Dixon v. City of Mobile

Annotate this Case

194 So. 2d 825 (1967)

Robin Denise DIXON, pro aml v. CITY OF MOBILE.

1 Div. 357.

Supreme Court of Alabama.

January 26, 1967.

Cunningham, Bounds & Byrd, Mobile, for appellant.

Fred G. Collins, Mobile, for appellee.

MERRILL, Justice.

This was an action against the City of Mobile for damages brought by Robin Denise Dixon, a child five years old, suing by her father and next friend, for injuries allegedly suffered due to the negligent maintenance of a walkway in a public park within the corporate limits of the city. The court below sustained the defendant's demurrer *826 to the complaint, and after taking a non-suit, the plaintiff has perfected the instant appeal.

The defendant's 18th ground of demurrer took the position that the complaint failed to allege compliance with Tit. 37, § 504, Code 1940, which reads as follows:

"No recovery shall be had against any city or town, on a claim for personal injury received, unless a sworn statement be filed with the clerk, by the party injured, or his personal representative, in case of his death, stating substantially the manner in which the injury was received, and the day and time, and the place where the accident occurred, and the damages claimed."

It is settled that compliance with § 504 is a condition precedent to the bringing of an action against a municipal corporation and, as such, compliance with the section must be both alleged in the complaint and proven. In the case of City of Birmingham v. Weston, 233 Ala. 563, 172 So. 643, 109 A.L.R. 970, this court said:

"It is also firmly established by the decisions of this court, as well as elsewhere, that the filing of the statement is not only mandatory but is a condition precedent to the bringing of an action against the municipal corporation for any cause to which they relate. In order to maintain such action, the filing of the claim in substantial compliance with the statute must be averred in the complaint and proved."

See also Hamilton v. City of Anniston, 268 Ala. 559, 109 So. 2d 728, 83 A.L.R.2d 1172.

The Weston case, supra, goes on to hold that the rule is not altered because the injured party is a minor or incompetent:

"However the act now before us contains no exemption in favor of minors or persons mentally or physically incapacitated to give the notice. It applies to all persons alike unless this court shall write into it such an exception, which, under the guise of judicial interpretation, we do not feel warranted in doing. To do so would be legislation not interpretation."

The trial court ruled correctly in sustaining the demurrer, for none of the counts make any effort to allege compliance with § 504.
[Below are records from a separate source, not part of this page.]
(* Let $\overline{F}$ be a finite set, let $r=(r(i,j):i,j\in\overline{F})$ be an irreducible stochastic matrix (transition matrix of a homogeneous Markov chain $X$ on $\overline{F}$), and let $\boldsymbol{\alpha}=(\alpha_j:j\in\overline{F})\in[0,1]^{\overline{F}}$ be a non-zero vector of acceptance probabilities. Let $X^{(\boldsymbol{\alpha})}$ be the Markov chain obtained from $X$ by randomized skipping with acceptance probabilities $\boldsymbol{\alpha}$, with transition matrix $r^{(\boldsymbol{\alpha})}$, and let $B(\boldsymbol{\alpha})=\{j\in\overline{F}:\alpha_j=0\}$ (so $B(\boldsymbol{\alpha})\subsetneq\overline{F}$). Then \[ r^{(\boldsymbol{\alpha})}(i,j)=P\big(X^{(A)}(\tau^{(A)})=j\,\big|\,(X^{(A)}_0,Y^{(A)}_0)=(i,0)\big),\qquad i,j\in\overline{F}, \] the chain $X^{(\boldsymbol{\alpha})}$ is irreducible on $\overline{F}\setminus B(\boldsymbol{\alpha})$, and \[ r^{(\boldsymbol{\alpha})}=\sum_{k=0}^{\infty}\big(r I_{(1-\boldsymbol{\alpha})}\big)^{k} r I_{\boldsymbol{\alpha}}=\big(I-rI_{(1-\boldsymbol{\alpha})}\big)^{-1} r I_{\boldsymbol{\alpha}} . \]
   Context: $I_{\boldsymbol{\alpha}}$ denotes the diagonal matrix indexed by $\overline{F}$ with diagonal entries $\alpha_j$, and $I_{(1-\boldsymbol{\alpha})}$ the diagonal matrix with diagonal entries $1-\alpha_j$; $I$ is the identity matrix. Randomized skipping: a random walker at state $i$ proposes a destination $j$ with probability $r(i,j)$; independently of the past given $j$, a Bernoulli experiment with success probability $\alpha_j$ is performed. On success the jump to $j$ is performed and the walker stays at $j$ for (at least) one time step. On failure the walker performs only an imaginary jump to $j$, spending no time there, and immediately proposes a new destination $l$ with probability $r(j,l)$, which is again accepted with probability $\alpha_l$, and so on, until some proposal is accepted; the accepted state is the next state of $X^{(\boldsymbol{\alpha})}$. The auxiliary chain $(X^{(A)},Y^{(A)})$ is the Markov chain on $\overline{F}\times\{0,1\}$ with transition probabilities $P(X^{(A)}_{n+1}=j,Y^{(A)}_{n+1}=1\mid X^{(A)}_n=i,Y^{(A)}_n=0)=r(i,j)\alpha_j$, $P(X^{(A)}_{n+1}=j,Y^{(A)}_{n+1}=0\mid X^{(A)}_n=i,Y^{(A)}_n=0)=r(i,j)(1-\alpha_j)$, and with all states in $\overline{F}\times\{1\}$ absorbing (transition probability $\delta_{ij}$ from $(i,1)$ to $(j,1)$, and $0$ to $(j,0)$); it is started in $\overline{F}\times\{0\}$. $\tau^{(A)}=\inf\{n\ge 1: Y^{(A)}_n=1\}$ is its absorption time. *)

From mathcomp Require Import all_boot all_order all_algebra.
From mathcomp Require Import all_classical all_reals all_analysis.
Set Implicit Arguments. Unset Strict Implicit. Unset Printing Implicit Defensive.
Import Order.TTheory GRing.Theory Num.Theory numFieldNormedType.Exports.
Local Open Scope ring_scope.

(* The finite state space \overline{F} is 'I_n.+1 (it is nonempty since
   alpha is non-zero). Transition matrices are 'M[R]_n.+1. *)

Section Defs.
Variables (R : realType) (n : nat).
Notation S := 'I_n.+1.

Definition stochastic (r : 'M[R]_n.+1) : Prop :=
  (forall i j, 0 <= r i j) /\ (forall i, \sum_j r i j = 1).

Definition irreducible_on (A : {set S}) (P : 'M[R]_n.+1) : Prop :=
  forall i j, i \in A -> j \in A -> exists k : nat, 0 < (P ^+ k) i j.

Definition irreducible (P : 'M[R]_n.+1) : Prop := irreducible_on [set: S] P.

Definition Ialpha (alpha : S -> R) : 'M[R]_n.+1 := diag_mx (\row_j alpha j).
Definition I1malpha (alpha : S -> R) : 'M[R]_n.+1 := diag_mx (\row_j (1 - alpha j)).

Definition Bset (alpha : S -> R) : {set S} := [set j | alpha j == 0].

(* A run of the procedure from i that accepts after k rejected proposals
   p 0, ..., p (k-1) and then accepts the proposal j.  The m-th visited
   (proposed) point is [pnode i p m] (with pnode i p 0 = i). *)
Definition pnode (i : S) (k : nat) (p : {ffun 'I_k -> S}) (m : nat) : S :=
  if m is m'.+1 then odflt i (omap p (insub m')) else i.

Definition skip_w (r : 'M[R]_n.+1) (alpha : S -> R) (k : nat) (i j : S) : R :=
  \sum_(p : {ffun 'I_k -> S})
     ((\prod_(m < k) (r (pnode i p m) (p m) * (1 - alpha (p m))))
      * (r (pnode i p k) j * alpha j)).

Definition rskip (r : 'M[R]_n.+1) (alpha : S -> R) : 'M[R]_n.+1 :=
  \matrix_(i, j) limn (fun N => \sum_(k < N) skip_w r alpha k i j).

(* ---- The auxiliary chain (X^(A), Y^(A)) on S * bool (Y = 1 <-> true) ---- *)
Definition aux_P (r : 'M[R]_n.+1) (alpha : S -> R) (x y : S * bool) : R :=
  if x.2 then (x == y)%:R
  else if y.2 then r x.1 y.1 * alpha y.1 else r x.1 y.1 * (1 - alpha y.1).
Counsel for both sides to this appeal seek to have us answer the question of whether a municipality is liable for injuries suffered by one due to a defective walkway in a public park.

It is, of course, a well-recognized rule in this state that the maintaining by a municipal corporation of public squares, parks, playgrounds and recreational facilities is a governmental function, and that a city is not liable for injuries which result from the negligent operation of the same. Williams v. City of Birmingham, 219 Ala. 19, 121 So. 14; City of Decatur v. Parham, 268 Ala. 585, 109 So. 2d 692; Parr v. City of Birmingham, 264 Ala. 224, 85 So. 2d 888; City of Bay Minette v. Quinley, 263 Ala. 188, 82 So. 2d 192.

And the rule that a municipal corporation is liable for injuries suffered due to defects in sidewalks, streets and public ways, where it has not exercised reasonable care, is so well established as not to require the citation of authority.

But the matter of liability vel non of a municipal corporation to one who is injured as a result of a defective walkway in a public park has never been resolved in Alabama. We see no necessity to do so now, for it appears beyond peradventure that the plaintiff canot comply with the six months limitation of presenting claims to a municipality as required by Tit. 37, § 476, Code 1940.

The order sustaining the demurrer is due to be affirmed.


LIVINGSTON, C. J., and SIMPSON and HARWOOD, JJ., concur.